Граф расхохотался. Другие гости, видя, что Шиншин ведет разговор, подошли послушать. Берг, не замечая ни насмешки, ни равнодушия, продолжал рассказывать о том, как переводом в гвардию он уже выиграл чин перед своими товарищами по корпусу, как в военное время ротного командира могут убить, и он, оставшись старшим в роте, может очень легко быть ротным, и как в полку все любят его, и как его папенька им доволен. Берг, видимо, наслаждался, рассказывая всё это, и, казалось, не подозревал того, что у других людей могли быть тоже свои интересы. Но всё, что он рассказывал, было так мило степенно, наивность молодого эгоизма его была так очевидна, что он обезоруживал своих слушателей.
– Ну, батюшка, вы и в пехоте, и в кавалерии, везде пойдете в ход; это я вам предрекаю, – сказал Шиншин, трепля его по плечу и спуская ноги с отоманки.
Берг радостно улыбнулся. Граф, а за ним и гости вышли в гостиную.

Было то время перед званым обедом, когда собравшиеся гости не начинают длинного разговора в ожидании призыва к закуске, а вместе с тем считают необходимым шевелиться и не молчать, чтобы показать, что они нисколько не нетерпеливы сесть за стол. Хозяева поглядывают на дверь и изредка переглядываются между собой. Гости по этим взглядам стараются догадаться, кого или чего еще ждут: важного опоздавшего родственника или кушанья, которое еще не поспело.
Пьер приехал перед самым обедом и неловко сидел посредине гостиной на первом попавшемся кресле, загородив всем дорогу. Графиня хотела заставить его говорить, но он наивно смотрел в очки вокруг себя, как бы отыскивая кого то, и односложно отвечал на все вопросы графини. Он был стеснителен и один не замечал этого. Большая часть гостей, знавшая его историю с медведем, любопытно смотрели на этого большого толстого и смирного человека, недоумевая, как мог такой увалень и скромник сделать такую штуку с квартальным.

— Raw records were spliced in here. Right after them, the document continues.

Lemma eq_near_continuous (Y : topologicalType) (f : G -> Y) a b :
  continuous f -> hausdorff_space Y ->
  (forall r, 0 < r -> exists z w, [/\ d a z < r, d b w < r & f z = f w]) ->
  f a = f b.
Proof.
move=> cf hY near; apply: hY => A B /cf nA /cf nB.
have /nbhs_metrizesP [ra ra0 raA] := nA; have /nbhs_metrizesP [rb rb0 rbB] := nB.
have r0 : 0 < Num.min ra rb by rewrite lt_min ra0 rb0.
have [z [w [dz dw fzw]]] := near _ r0.
move: dz dw; rewrite !lt_min => /andP [dz _] /andP [_ dw].
by exists (f z); split; [exact: raA|rewrite fzw; exact: rbB].
Qed.

(* Compactness applied to the filter generated by the tails
   [[set u n | n in [set n | (N <= n)%N /\ Q e n]]], for [e > 0]. *)
Lemma compact_cluster_along (K : set G) (u : nat -> G) (Q : R -> nat -> Prop) :
  compact K -> (forall e e' n, e <= e' -> Q e n -> Q e' n) ->
  (forall e, 0 < e -> forall N, exists2 n, (N <= n)%N & Q e n) ->
  (exists2 e0, 0 < e0 & forall n, Q e0 n -> K (u n)) ->
  exists2 y, K y & forall e r N, 0 < e -> 0 < r ->
    exists n, [/\ (N <= n)%N, Q e n & d y (u n) < r].
Proof.
move=> cK Qmono Qfreq [e0 e00 QK].
pose D := [set p : R * nat | 0 < p.1].
pose B (p : R * nat) := [set u n | n in [set n | (p.2 <= n)%N /\ Q p.1 n]].
have FF : Filter (filter_from D B).
  apply: filter_from_filter; first by exists (1, 0%N); rewrite /D /= ltr01.
  move=> [e1 N1] [e2 N2]; rewrite /D /= => e10 e20.
  exists (Num.min e1 e2, maxn N1 N2); first by rewrite /D /= lt_min e10 e20.
  move=> _ [n [Nn Qn] <-]; rewrite geq_max in Nn; case/andP: Nn => N1n N2n.
  split; exists n => //; split => //=; apply: Qmono Qn; rewrite ge_min lexx //.
  by rewrite orbT.
have PF : ProperFilter (filter_from D B).
  apply: filter_from_proper => // -[e N]; rewrite /D /= => e1.
  by have [n Nn Qn] := Qfreq e e1 N; exists (u n); exists n.
have FK : filter_from D B K by exists (e0, 0%N) => // _ [n [_ Qn] <-]; exact: QK.
have [y [Ky cy]] := cK _ PF FK.
exists y => // e r N e1 r0.
have [z [[n [Nn Qn] <-] dz]] := cy (B (e, N)) [set z | d y z < r]
  (ex_intro2 _ _ (e, N) e1 (fun _ h => h)) (nbhs_dball y r0).
by exists n.
Qed.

– Вы недавно приехали? – спрашивала у него графиня.
– Oui, madame, [Да, сударыня,] – отвечал он, оглядываясь.
– Вы не видали моего мужа?
– Non, madame. [Нет, сударыня.] – Он улыбнулся совсем некстати.
– Вы, кажется, недавно были в Париже? Я думаю, очень интересно.
– Очень интересно..
Графиня переглянулась с Анной Михайловной. Анна Михайловна поняла, что ее просят занять этого молодого человека, и, подсев к нему, начала говорить об отце; но так же, как и графине, он отвечал ей только односложными словами. Гости были все заняты между собой. Les Razoumovsky… ca a ete charmant… Vous etes bien bonne… La comtesse Apraksine… [Разумовские… Это было восхитительно… Вы очень добры… Графиня Апраксина…] слышалось со всех сторон. Графиня встала и пошла в залу.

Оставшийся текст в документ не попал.